— STUDY MATERIAL —
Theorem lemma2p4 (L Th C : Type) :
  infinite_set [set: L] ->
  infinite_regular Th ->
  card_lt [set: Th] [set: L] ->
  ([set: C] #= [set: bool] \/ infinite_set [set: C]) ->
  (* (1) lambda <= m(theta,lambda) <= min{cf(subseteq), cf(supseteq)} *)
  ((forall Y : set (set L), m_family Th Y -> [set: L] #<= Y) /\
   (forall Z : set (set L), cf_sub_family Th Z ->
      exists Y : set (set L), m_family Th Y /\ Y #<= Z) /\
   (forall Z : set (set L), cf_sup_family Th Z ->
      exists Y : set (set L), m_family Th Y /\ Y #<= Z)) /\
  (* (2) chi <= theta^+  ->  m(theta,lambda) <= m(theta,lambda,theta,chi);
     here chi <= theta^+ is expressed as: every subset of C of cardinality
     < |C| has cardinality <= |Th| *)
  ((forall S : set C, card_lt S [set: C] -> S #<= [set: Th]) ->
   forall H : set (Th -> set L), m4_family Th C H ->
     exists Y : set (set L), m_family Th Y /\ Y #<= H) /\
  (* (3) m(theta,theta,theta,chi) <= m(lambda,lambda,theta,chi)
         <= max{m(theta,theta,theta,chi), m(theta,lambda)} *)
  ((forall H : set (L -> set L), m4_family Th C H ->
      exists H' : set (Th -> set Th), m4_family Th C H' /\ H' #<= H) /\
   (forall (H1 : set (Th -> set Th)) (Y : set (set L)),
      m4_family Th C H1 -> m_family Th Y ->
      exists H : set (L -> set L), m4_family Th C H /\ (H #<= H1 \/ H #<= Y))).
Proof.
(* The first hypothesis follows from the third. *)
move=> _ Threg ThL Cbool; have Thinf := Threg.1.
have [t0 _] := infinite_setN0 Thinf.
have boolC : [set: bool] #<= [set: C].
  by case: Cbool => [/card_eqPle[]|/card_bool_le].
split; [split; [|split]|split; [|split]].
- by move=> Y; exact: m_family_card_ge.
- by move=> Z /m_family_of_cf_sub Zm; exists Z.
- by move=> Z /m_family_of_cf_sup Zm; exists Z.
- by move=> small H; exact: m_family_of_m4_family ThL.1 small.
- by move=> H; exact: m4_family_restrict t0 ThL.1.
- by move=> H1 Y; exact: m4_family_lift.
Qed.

— ACTIVITY —
Could you reproduce every record exactly as shown above?

— EXERCISE SOLUTION —
Theorem lemma2p4 (L Th C : Type) :
  infinite_set [set: L] ->
  infinite_regular Th ->
  card_lt [set: Th] [set: L] ->
  ([set: C] #= [set: bool] \/ infinite_set [set: C]) ->
  (* (1) lambda <= m(theta,lambda) <= min{cf(subseteq), cf(supseteq)} *)
  ((forall Y : set (set L), m_family Th Y -> [set: L] #<= Y) /\
   (forall Z : set (set L), cf_sub_family Th Z ->
      exists Y : set (set L), m_family Th Y /\ Y #<= Z) /\
   (forall Z : set (set L), cf_sup_family Th Z ->
      exists Y : set (set L), m_family Th Y /\ Y #<= Z)) /\
  (* (2) chi <= theta^+  ->  m(theta,lambda) <= m(theta,lambda,theta,chi);
     here chi <= theta^+ is expressed as: every subset of C of cardinality
     < |C| has cardinality <= |Th| *)
  ((forall S : set C, card_lt S [set: C] -> S #<= [set: Th]) ->
   forall H : set (Th -> set L), m4_family Th C H ->
     exists Y : set (set L), m_family Th Y /\ Y #<= H) /\
  (* (3) m(theta,theta,theta,chi) <= m(lambda,lambda,theta,chi)
         <= max{m(theta,theta,theta,chi), m(theta,lambda)} *)
  ((forall H : set (L -> set L), m4_family Th C H ->
      exists H' : set (Th -> set Th), m4_family Th C H' /\ H' #<= H) /\
   (forall (H1 : set (Th -> set Th)) (Y : set (set L)),
      m4_family Th C H1 -> m_family Th Y ->
      exists H : set (L -> set L), m4_family Th C H /\ (H #<= H1 \/ H #<= Y))).
Proof.
(* The first hypothesis follows from the third. *)
move=> _ Threg ThL Cbool; have Thinf := Threg.1.
have [t0 _] := infinite_setN0 Thinf.
have boolC : [set: bool] #<= [set: C].
  by case: Cbool => [/card_eqPle[]|/card_bool_le].
split; [split; [|split]|split; [|split]].
- by move=> Y; exact: m_family_card_ge.
- by move=> Z /m_family_of_cf_sub Zm; exists Z.
- by move=> Z /m_family_of_cf_sup Zm; exists Z.
- by move=> small H; exact: m_family_of_m4_family ThL.1 small.
- by move=> H; exact: m4_family_restrict t0 ThL.1.
- by move=> H1 Y; exact: m4_family_lift.
Qed.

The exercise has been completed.